* _EXERCISE PROMPT_: Wherever the string "Hmax" appears in the records, return the line that holds it.

* _SUPPLIED INFORMATION_:
(* If a $\sigma$-structure $\mathcal{A}$ has a $\mathfrak{g}$-guarded decomposition $\tau$, then (1) every maximal $\mathfrak{g}$-guarded subset of $A$ is $\lambda(p)$ for some $p \in P_{\tau}$; and (2) every clique in the Gaifman graph of $\mathcal{A}$ is $\mathfrak{g}$-guarded.
   Context: $\mathfrak{g}$ is atom, loose or clique guarding; $\mathfrak{g}$-guarded plays are non-empty lists of $\mathfrak{g}$-guarded sets, ordered by prefix $\sqsubseteq$, with $\lambda(p)$ the last element. For a focussed play $\langle p,a\rangle$ ($a\in\lambda(p)$), $[p,a]$ is its class under $\langle p,a\rangle\sim\langle q,a'\rangle$ iff $a=a'$, $p\sqcap q$ non-empty, and $a\in\lambda(u)$ for all $u$ on the prefix-order paths from $p\sqcap q$ to $p$ and $q$. A $\mathfrak{g}$-guarded decomposition of $\mathcal{A}$ is a map $\tau$ from $A$ to plays, with image $P_\tau$, that is reflexive ($a\in\lambda(\tau(a))$), edge covering (Gaifman-adjacent $a,b$ lie in some $\lambda(p)$, $p\in P_\tau$), minimal ($[\tau(a),a]=[q,a]$ implies $\tau(a)\sqsubseteq q$) and vertex connected (for $q$ below some element of $P_\tau$ with $a\in\lambda(q)$, $[\tau(a),a]=[q,a]$). *)

From Stdlib Require Import List.
Import ListNotations.
Set Implicit Arguments.

Record signature := Signature { sym : Type; arity : sym -> nat }.

Record structure (sg : signature) := Structure {
  carrier : Type;
  interp : sym sg -> list carrier -> Prop;
  interp_arity : forall s t, interp s t -> length t = @arity sg s }.

Arguments carrier {sg} _.
Arguments interp {sg} _ _ _.

Definition subset {T} (X Y : T -> Prop) := forall x, X x -> Y x.

Definition finite_set {T} (X : T -> Prop) := exists l : list T, forall x, X x -> In x l.

Section Guarded.
Variables (sg : signature) (M : structure sg).
Notation A := (carrier M).

Definition gaifman_adj (a b : A) : Prop :=
  a <> b /\ exists s t, interp M s t /\ In a t /\ In b t.

Definition gaifman_clique (X : A -> Prop) : Prop :=
  finite_set X /\ forall a b, X a -> X b -> a <> b -> gaifman_adj a b.

Inductive guarding := AtomGuarding | LooseGuarding | CliqueGuarding.

Definition atom_guarded (X : A -> Prop) : Prop :=
  (exists s t, interp M s t /\ forall x, X x -> In x t)
  \/ (exists a, forall x, X x -> x = a).

Definition loose_guarded (X : A -> Prop) : Prop :=
  exists Y, subset X Y /\ finite_set Y /\
    forall a b, Y a -> Y b -> a <> b ->
      exists s t, interp M s t /\ In a t /\ In b t /\ forall x, In x t -> Y x.

Definition clique_guarded (X : A -> Prop) : Prop := gaifman_clique X.

Definition guarded (g : guarding) (X : A -> Prop) : Prop :=
  match g with
  | AtomGuarding => atom_guarded X
  | LooseGuarding => loose_guarded X
  | CliqueGuarding => clique_guarded X
  end.

Definition is_play (g : guarding) (p : list (A -> Prop)) : Prop :=
  p <> [] /\ forall X, In X p -> guarded g X.

Definition prefix (p q : list (A -> Prop)) : Prop := exists r, q = p ++ r.

Definition lam (p : list (A -> Prop)) : A -> Prop := last p (fun _ => False).

Definition is_meet (p q m : list (A -> Prop)) : Prop :=
  prefix m p /\ prefix m q /\ forall r, prefix r p -> prefix r q -> prefix r m.

Definition fsim (pa qb : list (A -> Prop) * A) : Prop :=
  let (p, a) := pa in let (q, a') := qb in
  a = a' /\ exists m, is_meet p q m /\ m <> [] /\
    (forall u, prefix m u -> prefix u p -> lam u a) /\
    (forall u, prefix m u -> prefix u q -> lam u a).

Definition focussed (g : guarding) (pa : list (A -> Prop) * A) : Prop :=
  is_play g (fst pa) /\ lam (fst pa) (snd pa).

Definition fclass (g : guarding) (p : list (A -> Prop)) (a : A)
  : list (A -> Prop) * A -> Prop :=
  fun qb => focussed g qb /\ fsim (p, a) qb.

Definition guarded_decomposition (g : guarding) (tau : A -> list (A -> Prop)) : Prop :=
  (forall a, is_play g (tau a)) /\
  (forall a, lam (tau a) a) /\
  (forall a b, gaifman_adj a b -> exists c, lam (tau c) a /\ lam (tau c) b) /\
  (forall a q, is_play g q -> lam q a ->
     fclass g (tau a) a = fclass g q a -> prefix (tau a) q) /\
  (forall a q, is_play g q -> (exists b, prefix q (tau b)) -> lam q a ->
     fclass g (tau a) a = fclass g q a).

Definition maximal_guarded (g : guarding) (X : A -> Prop) : Prop :=
  guarded g X /\ forall Y, guarded g Y -> subset X Y -> subset Y X.

End Guarded.

(* Vertex connectivity and minimality force [tau x ⊑ tau c] whenever [x ∈ λ(tau c)], with
   [x] staying in every bag between the two.  Edge covering then makes [tau x] and [tau y]
   prefixes of a common play for adjacent [x], [y], hence comparable, so on a finite clique
   the plays [tau x] form a chain with a largest element [tau a]; every clique member lies in
   [λ(tau a)].  Since guarded sets are cliques and guardedness passes to subsets, (2)
   follows, and a maximal guarded set equals the guarded bag [λ(tau a)] containing it. *)

From Stdlib Require Import List.
From Stdlib Require Import FunctionalExtensionality PropExtensionality Classical_Prop.
Import ListNotations.
Set Implicit Arguments.

Lemma last_In {T} (l : list T) (d : T) : l <> [] -> In (last l d) l.
Proof.
  induction l as [|x [|y l] IH]; intros Hl; [congruence | now left |].
  right. apply IH. discriminate.
Qed.

Lemma finite_chain_has_max {T} (R : T -> T -> Prop) (X : T -> Prop) (l : list T) :
  (forall x y z, R x y -> R y z -> R x z) ->
  (forall x y, X x -> X y -> R x y \/ R y x) ->
  (forall x, In x l -> ~ X x) \/ (exists a, X a /\ forall x, In x l -> X x -> R x a).
Proof.
  intros Htrans Htot. induction l as [|y l IH].
  - left. intros x [].
  - destruct (classic (X y)) as [Hy|Hy].
    + right. destruct IH as [Hnone|[a [Ha Hmax]]].
      * exists y. split; [exact Hy|]. intros x [<-|Hx] HX.
        -- now destruct (Htot y y HX HX).
        -- now destruct (Hnone x Hx HX).
      * destruct (Htot y a Hy Ha) as [Hya|Hay].
        -- exists a. split; [exact Ha|]. intros x [<-|Hx] HX; auto.
        -- exists y. split; [exact Hy|]. intros x [<-|Hx] HX; eauto.
           now destruct (Htot y y HX HX).
    + destruct IH as [Hnone|[a [Ha Hmax]]].
      * left. intros x [<-|Hx]; auto.
      * right. exists a. split; [exact Ha|]. intros x [<-|Hx] HX; [contradiction | auto].
Qed.

Section Structure.
Variables (sg : signature) (M : structure sg).
Local Notation A := (carrier M).
Local Notation pre := (prefix M).

Lemma prefix_refl (p : list (A -> Prop)) : pre p p.
Proof. exists []. now rewrite app_nil_r. Qed.

Lemma prefix_trans (p q r : list (A -> Prop)) : pre p q -> pre q r -> pre p r.
Proof. intros [s ->] [t ->]. exists (s ++ t). now rewrite app_assoc. Qed.

Lemma prefix_antisym (p q : list (A -> Prop)) : pre p q -> pre q p -> p = q.
Proof.
  intros [s ->] [t Ht]. rewrite <- app_assoc, <- (app_nil_r p) in Ht at 1.
  apply app_inv_head, eq_sym, app_eq_nil in Ht as [-> _]. now rewrite app_nil_r.
Qed.

Lemma prefix_comparable (p q r : list (A -> Prop)) :
  pre p r -> pre q r -> pre p q \/ pre q p.
Proof.
  intros [s ->] [t Ht]. destruct (app_eq_app _ _ _ _ Ht) as [l [[-> _]|[-> _]]].
  - right. now exists l.
  - left. now exists l.
Qed.

Lemma fclass_refl (g : guarding) (p : list (A -> Prop)) (a : A) :
  focussed M g (p, a) -> fclass M g p a (p, a).
Proof.
  intros Hfoc. split; [exact Hfoc|]. split; [reflexivity|]. exists p.
  split; [split; [apply prefix_refl | split; [apply prefix_refl | auto]]|].
  split; [exact (proj1 (proj1 Hfoc))|].
  split; intros u Hpu Hup; rewrite <- (prefix_antisym Hpu Hup); exact (proj2 Hfoc).
Qed.

Lemma guarded_clique (g : guarding) (X : A -> Prop) : guarded M g X -> gaifman_clique M X.
Proof.
  destruct g; simpl.
  - intros [[s [t [Hst Hsub]]]|[a Ha]].
    + split; [now exists t|]. intros x y Hx Hy Hxy. split; [exact Hxy|]. exists s, t; auto.
    + split; [exists [a]; intros x Hx; left; now rewrite (Ha x Hx)|].
      intros x y Hx Hy Hxy. exfalso. apply Hxy. now rewrite (Ha x Hx), (Ha y Hy).
  - intros [Y [HXY [HY Hcov]]]. split; [now destruct HY as [l Hl]; exists l; auto|].
    intros x y Hx Hy Hxy. split; [exact Hxy|].
    destruct (Hcov x y (HXY x Hx) (HXY y Hy) Hxy) as [s [t [Hst [Hxt [Hyt _]]]]].
    now exists s, t.
  - tauto.
Qed.

Lemma guarded_subset (g : guarding) (X Y : A -> Prop) :
  subset X Y -> guarded M g Y -> guarded M g X.
Proof.
  intros HXY. destruct g; simpl.
  - intros [[s [t [Hst Hsub]]]|[a Ha]]; [left; exists s, t | right; exists a]; auto.
  - intros [Z [HYZ HZ]]. exists Z. split; [intros x Hx; auto | exact HZ].
  - intros [[l Hl] Hadj]. split; [exists l|]; auto.
Qed.

Section Decomposition.
Variables (g : guarding) (tau : A -> list (A -> Prop)).
Hypothesis hdec : guarded_decomposition M g tau.

Lemma lam_tau_guarded (b : A) : guarded M g (lam M (tau b)).
Proof.
  destruct hdec as [Hplay _]. destruct (Hplay b) as [Hne Hguarded].
  apply Hguarded, last_In, Hne.
Qed.

Lemma fclass_tau_of_lam (x c : A) :
  lam M (tau c) x -> fclass M g (tau x) x = fclass M g (tau c) x.
Proof.
  intros Hx. destruct hdec as (Hplay & _ & _ & _ & Hconn).
  apply Hconn; [apply Hplay | exists c; apply prefix_refl | exact Hx].
Qed.

Lemma tau_prefix_of_lam (x c : A) : lam M (tau c) x -> pre (tau x) (tau c).
Proof.
  intros Hx. destruct hdec as (Hplay & _ & _ & Hmin & _).
  apply Hmin; [apply Hplay | exact Hx | now apply fclass_tau_of_lam].
Qed.

Lemma lam_of_between (x c : A) (u : list (A -> Prop)) :
  lam M (tau c) x -> pre (tau x) u -> pre u (tau c) -> lam M u x.
Proof.
  intros Hx Hxu Huc.
  assert (Hclass : fclass M g (tau x) x (tau c, x)).
  { rewrite (fclass_tau_of_lam _ _ Hx). apply fclass_refl. split; [apply hdec | exact Hx]. }
  destruct Hclass as [_ [_ [m [[Hmx _] [_ [_ Hbetween]]]]]].
  apply Hbetween; [apply prefix_trans with (tau x) | ]; assumption.
Qed.

Lemma tau_comparable_of_adj (x y : A) :
  gaifman_adj M x y -> pre (tau x) (tau y) \/ pre (tau y) (tau x).
Proof.
  intros Hxy. destruct hdec as (_ & _ & Hcover & _).
  destruct (Hcover x y Hxy) as [c [Hx Hy]].
  apply prefix_comparable with (tau c); now apply tau_prefix_of_lam.
Qed.

(* Edge covering puts [x] and [a] in a common bag [λ(tau c)]; as [tau x ⊑ tau a ⊑ tau c],
   [x] survives down to [λ(tau a)]. *)
Lemma lam_tau_of_adj (x a : A) :
  gaifman_adj M x a -> pre (tau x) (tau a) -> lam M (tau a) x.
Proof.
  intros Hxa Hpre. destruct hdec as (_ & _ & Hcover & _).
  destruct (Hcover x a Hxa) as [c [Hx Ha]].
  apply lam_of_between with c; [exact Hx | exact Hpre | now apply tau_prefix_of_lam].
Qed.

Lemma clique_subset_lam_tau (X : A -> Prop) :
  inhabited A -> gaifman_clique M X -> exists b, subset X (lam M (tau b)).
Proof.
  intros [b0] [[l Hl] Hadj].
  destruct (finite_chain_has_max (fun x y => pre (tau x) (tau y)) X l)
    as [Hempty|[a [Ha Hmax]]].
  - intros x y z. apply prefix_trans.
  - intros x y Hx Hy. destruct (classic (x = y)) as [<-|Hxy].
    + left. apply prefix_refl.
    + now apply tau_comparable_of_adj, Hadj.
  - exists b0. intros x Hx. now destruct (Hempty x (Hl x Hx) Hx).
  - exists a. intros x Hx. destruct (classic (x = a)) as [->|Hxa].
    + apply hdec.
    + apply lam_tau_of_adj; auto.
Qed.

End Decomposition.
End Structure.

Theorem proposition4p4 (sg : signature) (M : structure sg)
  (g : guarding) (tau : carrier M -> list (carrier M -> Prop))
  (hne : inhabited (carrier M))
  (hdec : guarded_decomposition M g tau) :
  (forall X, maximal_guarded M g X -> exists b, X = lam M (tau b)) /\
  (forall X, gaifman_clique M X -> guarded M g X).
Proof.
  split.
  - intros X [HX Hmax].
    destruct (clique_subset_lam_tau hdec hne (guarded_clique M g X HX)) as [b Hsub].
    exists b. apply functional_extensionality. intros x.
    apply propositional_extensionality. split; [apply Hsub|].
    exact (Hmax _ (lam_tau_guarded hdec b) Hsub x).
  - intros X HX.
    destruct (clique_subset_lam_tau hdec hne HX) as [b Hsub].
    exact (guarded_subset M g Hsub (lam_tau_guarded hdec b)).
Qed.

* _SOLVED PROBLEM_:
    + right. destruct IH as [Hnone|[a [Ha Hmax]]].
    + destruct IH as [Hnone|[a [Ha Hmax]]].
    as [Hempty|[a [Ha Hmax]]].
  - intros X [HX Hmax].
    exact (Hmax _ (lam_tau_guarded hdec b) Hsub x).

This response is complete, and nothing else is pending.